0%

南大《软件分析》03.Data Flow Analysis - Applications I

前言

本文是南京大学李樾、谭添老师的《软件分析》课程的笔记。内容来自课程ppt以及课程讲解。

课程主页:Static Program Analysis | Tai-e (pascal-lab.net)

授课视频:视频南京大学《软件分析》课程01(Introduction)_哔哩哔哩_bilibili

课程实验repo:pascal-lab/Tai-e-assignments: Tai-e assignments for static program analysis (github.com)

Contents

  1. Overview of Data Flow Analysis
  2. Preliminaries of Data Flow Analysis
  3. Reaching Definitions Analysis
  4. Live Variables Analysis
  5. Available Expressions Analysis

Overview of Data Flow Analysis

Data Flow Analysis -> How Data flows on CFG?

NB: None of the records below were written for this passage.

(* Let $1\le k\le n$, $c\in\mathrm{GRS}(\alpha,u,k)$, $e\in\mathbb{E}^n$ of Hamming weight $t\le\lfloor (n-k)/2\rfloor$, and $r=c+e$. Run the following procedure on $r$: D1–D2: set $A\leftarrow0$, $B\leftarrow\eta$, $C\leftarrow1$, $D\leftarrow -h_{r'}$. D3: if $\deg C+k-1\ge\deg D$, go to D6. D4: set $d\leftarrow\deg D-\deg B$ and $\gamma\leftarrow\mathrm{LC}(D)\mathrm{LC}(B)^{-1}$. D5: if $d\ge0$, set $C\leftarrow C-\gamma x^dA$, $D\leftarrow D-\gamma x^dB$; if $d<0$, simultaneously set $(A,B,C,D)\leftarrow(C,\ D,\ x^{-d}C-\gamma A,\ x^{-d}D-\gamma B)$ (using the old values on the right). Return to D3. D6: output $(u_1P(\alpha_1),\dots,u_nP(\alpha_n))$ where $P=-D/C$. Then the procedure terminates, at termination $C$ divides $D$ in $\mathbb{E}[x]$, $-D/C$ is the polynomial $h_{c'}$ of degree $<k$ with $c=(u_1h_{c'}(\alpha_1),\dots,u_nh_{c'}(\alpha_n))$, and the output equals $c$.
   Context: $\mathbb{E}$ is a finite field, $\alpha_1,\dots,\alpha_n\in\mathbb{E}$ pairwise distinct, $u_1,\dots,u_n\in\mathbb{E}$ nonzero. $\mathrm{GRS}(\alpha,u,k)=\{(u_1f(\alpha_1),\dots,u_nf(\alpha_n)) : f\in\mathbb{E}[x],\ \deg f<k\}$. For $1\le i\le n$, $\tilde h_i=\prod_{j\ne i}(x-\alpha_j)$, $h_i=\tilde h_i(\alpha_i)^{-1}\tilde h_i$; $h_{r'}=\sum_{i=1}^n r_iu_i^{-1}h_i$ and $\eta=\prod_{i=1}^n(x-\alpha_i)$. $\deg$ is degree in $x$ with $\deg0=-\infty$; $\mathrm{LC}$ denotes leading coefficient. *)

From HB Require Import structures.
From mathcomp Require Import all_boot all_order all_algebra all_field.
Set Implicit Arguments. Unset Strict Implicit. Unset Printing Implicit Defensive.
Import Order.TTheory GRing.Theory Num.Theory.
Local Open Scope ring_scope.
(* Let $(X,\tau_\delta)_{\delta>0}$ be a Hilbert dilation system with $d=\dim X$, let $\mathcal E\subseteq X$ be an ellipsoid and $\epsilon\in(0,1/2)$. Then there exist closed intervals $J_1,\dots,J_d\subseteq(0,\infty)$ with $r(J_p)/l(J_p)\le\epsilon^{-2}$ for all $p$, such that $\tau_\delta\mathcal E$ is $\epsilon$-degenerate for every $\delta\in(0,\infty)\setminus\bigcup_{p=1}^dJ_p$.
   Context: Hilbert dilation system: $X$ a real Hilbert space of finite dimension $d$, $X=\bigoplus_{\nu=1}^mX_\nu$ orthogonal, $\tau_\delta|_{X_\nu}=\delta^{-\nu}\mathrm{id}$. An ellipsoid is a set $\{\sum_{i=1}^dc_i\sigma_iv_i:\sum c_i^2\le1\}$ with $\sigma_1\ge\dots\ge\sigma_d\ge0$ (principal axis lengths) and $\{v_i\}$ an orthonormal basis; it is $\epsilon$-degenerate if no principal axis length lies in $[\epsilon,\epsilon^{-1}]$. $l(J)\le r(J)$ denote the endpoints of an interval $J$. *)

(* R : realType, X = 'rV[R]_d with the standard inner product. *)
From HB Require Import structures.
From mathcomp Require Import all_boot all_order all_algebra.
From mathcomp Require Import classical_sets reals.
Set Implicit Arguments. Unset Strict Implicit. Unset Printing Implicit Defensive.
Import Order.TTheory GRing.Theory Num.Theory.
Local Open Scope ring_scope.
Local Open Scope classical_set_scope.

Section Defs.
Variables (R : realType) (d : nat).

Definition ellipsoid_of (sigma : 'I_d -> R) (V : 'M[R]_d) : set 'rV[R]_d :=
  [set x | exists c : 'rV[R]_d,
     \sum_i (c 0 i) ^+ 2 <= 1 /\ x = \sum_i (c 0 i * sigma i) *: row i V].

Definition axes_data (sigma : 'I_d -> R) (V : 'M[R]_d) : Prop :=
  [/\ (forall i j : 'I_d, (i <= j)%N -> sigma j <= sigma i),
      (forall i, 0 <= sigma i) & V *m V^T = 1%:M].

Definition is_ellipsoid_with (E : set 'rV[R]_d) sigma V : Prop :=
  axes_data sigma V /\ E = ellipsoid_of sigma V.

Definition is_ellipsoid (E : set 'rV[R]_d) : Prop :=
  exists sigma V, is_ellipsoid_with E sigma V.

Definition eps_degenerate (eps : R) (E : set 'rV[R]_d) : Prop :=
  exists sigma V, is_ellipsoid_with E sigma V /\
    forall i, ~ (eps <= sigma i <= eps^-1).

(* Orthogonal decomposition X = X_1 (+) ... (+) X_m, given by the orthogonal
   projections P nu onto X_(nu+1) (nu : 'I_m). *)
Definition hilbert_dilation_system (m : nat) (P : 'I_m -> 'M[R]_d) : Prop :=
  [/\ (forall nu, (P nu)^T = P nu),
      (forall nu, P nu *m P nu = P nu),
      (forall nu mu, nu != mu -> P nu *m P mu = 0)
    & \sum_(nu < m) P nu = 1%:M].

Definition dil (m : nat) (P : 'I_m -> 'M[R]_d) (delta : R) (x : 'rV[R]_d)
  : 'rV[R]_d := \sum_(nu < m) (delta ^- nu.+1) *: (x *m P nu).

End Defs.

From HB Require Import structures.
From mathcomp Require Import all_boot all_order all_algebra.
From mathcomp Require Import classical_sets reals.
From mathcomp Require Import boolp ring lra.
Import Order.TTheory GRing.Theory Num.Theory.
Local Open Scope ring_scope.
Local Open Scope classical_set_scope.
Set Implicit Arguments. Unset Strict Implicit. Unset Printing Implicit Defensive.

(* [E] is the image of the unit ball under [diag(sigma) V], so [tau_delta E] is
   its image under [B(delta) = diag(sigma) V T(delta)], with [T(delta)] the
   matrix of [tau_delta]: an ellipsoid whose axis lengths are the singular
   values [s_1(delta) >= ... >= s_d(delta)] of [B(delta)].  These come from the
   spectral theorem for [B^T B], proved by successively maximizing Rayleigh
   quotients.  For [delta <= delta'], [tau_delta' = tau_delta o tau_(delta'/delta)]
   and [tau_(delta'/delta)] shrinks vectors by at least [delta/delta'], so by
   Courant-Fischer [s_p(delta') <= (delta/delta') s_p(delta)].  Hence the scales
   with [s_p(delta)] in [[eps, eps^-1]] span a ratio at most [eps^-2], and [J_p]
   is [[l, l eps^-2]] with [l] their infimum. *)

Section QuadraticForms.
Variable R : realType.

Definition diagmx n (f : 'I_n -> R) : 'M[R]_n := diag_mx (\row_i f i).

Lemma diagmx_ext n (f g : 'I_n -> R) : f =1 g -> diagmx f = diagmx g.
Proof. by move=> fg; congr diag_mx; apply/rowP => i; rewrite !mxE fg. Qed.

Lemma diagmxM n (f g : 'I_n -> R) : diagmx f *m diagmx g = diagmx (fun i => f i * g i).
Proof.
apply/matrixP => i j; rewrite mul_diag_mx !mxE.
by case: (eqVneq i j) => [->|_]; rewrite ?mulr1n ?mulr0n ?mulr0.
Qed.

Lemma tr_diagmx n (f : 'I_n -> R) : (diagmx f)^T = diagmx f.
Proof. exact: tr_diag_mx. Qed.
Theorem proposition4p9 (X : TopSpace) (S : list (X -> Prop))
  (Gam : (R -> X) -> Prop) (p q : R) :
  finite_cover S ->
  (forall g, Gam g -> is_curve X g) ->
  1 <= p -> p <= q ->
  forall eps : R, 0 < eps ->
  modp S q Gam <=
    (Rpower eps (q - p) + / Rpower eps p * supS S (fun s => modp S q (subfam Gam s)))
    * modp S p Gam.
Proof.
intros Hcov _ Hp Hpq eps Heps.
destruct (classic (exists g, Gam g)) as [Hne|Hne].
2:{ rewrite !modp_empty by auto. lra. }
set (A := Rpower eps (q - p)). set (B := / Rpower eps p).
set (C := supS S (fun s => modp S q (subfam Gam s))).
set (m := modp S p Gam).
assert (HA : 0 < A) by apply Rpower_gt0.
assert (HB : 0 < B) by apply Rinv_0_lt_compat, Rpower_gt0.
apply (Rle_of_le_plus_linear _ _ (A + B * C + B * m + B)). intros d [Hd0 Hd1].
destruct (modp_approx S Gam p d) as [sigma [Hadm HV]]; auto; try lra.
fold m in HV.
pose proof (modq_le_of_admissible S p q eps d Gam sigma) as Hkey.
fold A B C in Hkey.
assert (HC : 0 <= C) by apply (maxL_ge_base S).
assert (Hfac : 0 <= A + B * (C + d)) by nra.
assert (modp S q Gam <= (A + B * (C + d)) * (m + d)).
{ eapply Rle_trans; [apply Hkey; auto; lra|]. apply Rmult_le_compat_l; auto. }
assert (B * d * d <= B * d) by (rewrite Rmult_assoc; apply Rmult_le_compat_l; nra).
replace ((A + B * (C + d)) * (m + d))
  with ((A + B * C) * m + d * (A + B * C + B * m) + B * d * d) in * by ring.
lra.
Qed.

-> How application-specfific Data Flows through the Nodes(BBs/statements) and Edges(control flows) of CFG(a program)?

  • application-specfific Data: Abstraction, + - 0 $\top$ $\bot$
  • Flows: Safe-approximation. For most stactic analyses are “may analysis”
    • may analysis: outputs information that may be true (over-approximation)
    • must analysis: outputs information that must be true (under-approximation)
    • Over- and under-approximations are both for safety of analysis
  • Nodes: Transfer function, e.g. (+) + (+) = (+)
  • Edges: Control-flow handing: Union the sign at merges

different data-flow analysis applications have

different data abstraction and

different flow safe-approximation strategies, i.e.,

different transfer functions and control-flow handlings

Preliminaries of Data Flow Analysis

Input and Output States

  • Each execution of an IR statement transforms an input state to a new output state
  • The input(output) state is associated with program point before(after) the statement

In each data-flow analysis application, we associate with every program point ==a data-flow value== that represents an ==abstraction== of the set of all possible ==program states== that can be observed for that point.

1
2
3
4
5
6
7
8
x = 10;
point -> x = +, y = undefine
y = -1;
point -> x = +, y = -
x = y;
point -> x = -, y = -
x = x / y;
point -> x = +, y = -

The set of possible data-flow values is the domain for this application(+ - 0 $\top$ $\bot$)

Data-flow analysis is to ==find a solution== to a set of ==safe-approximation directed constraints== on the IN[s]’s and OUT[s]’s, for all statements s.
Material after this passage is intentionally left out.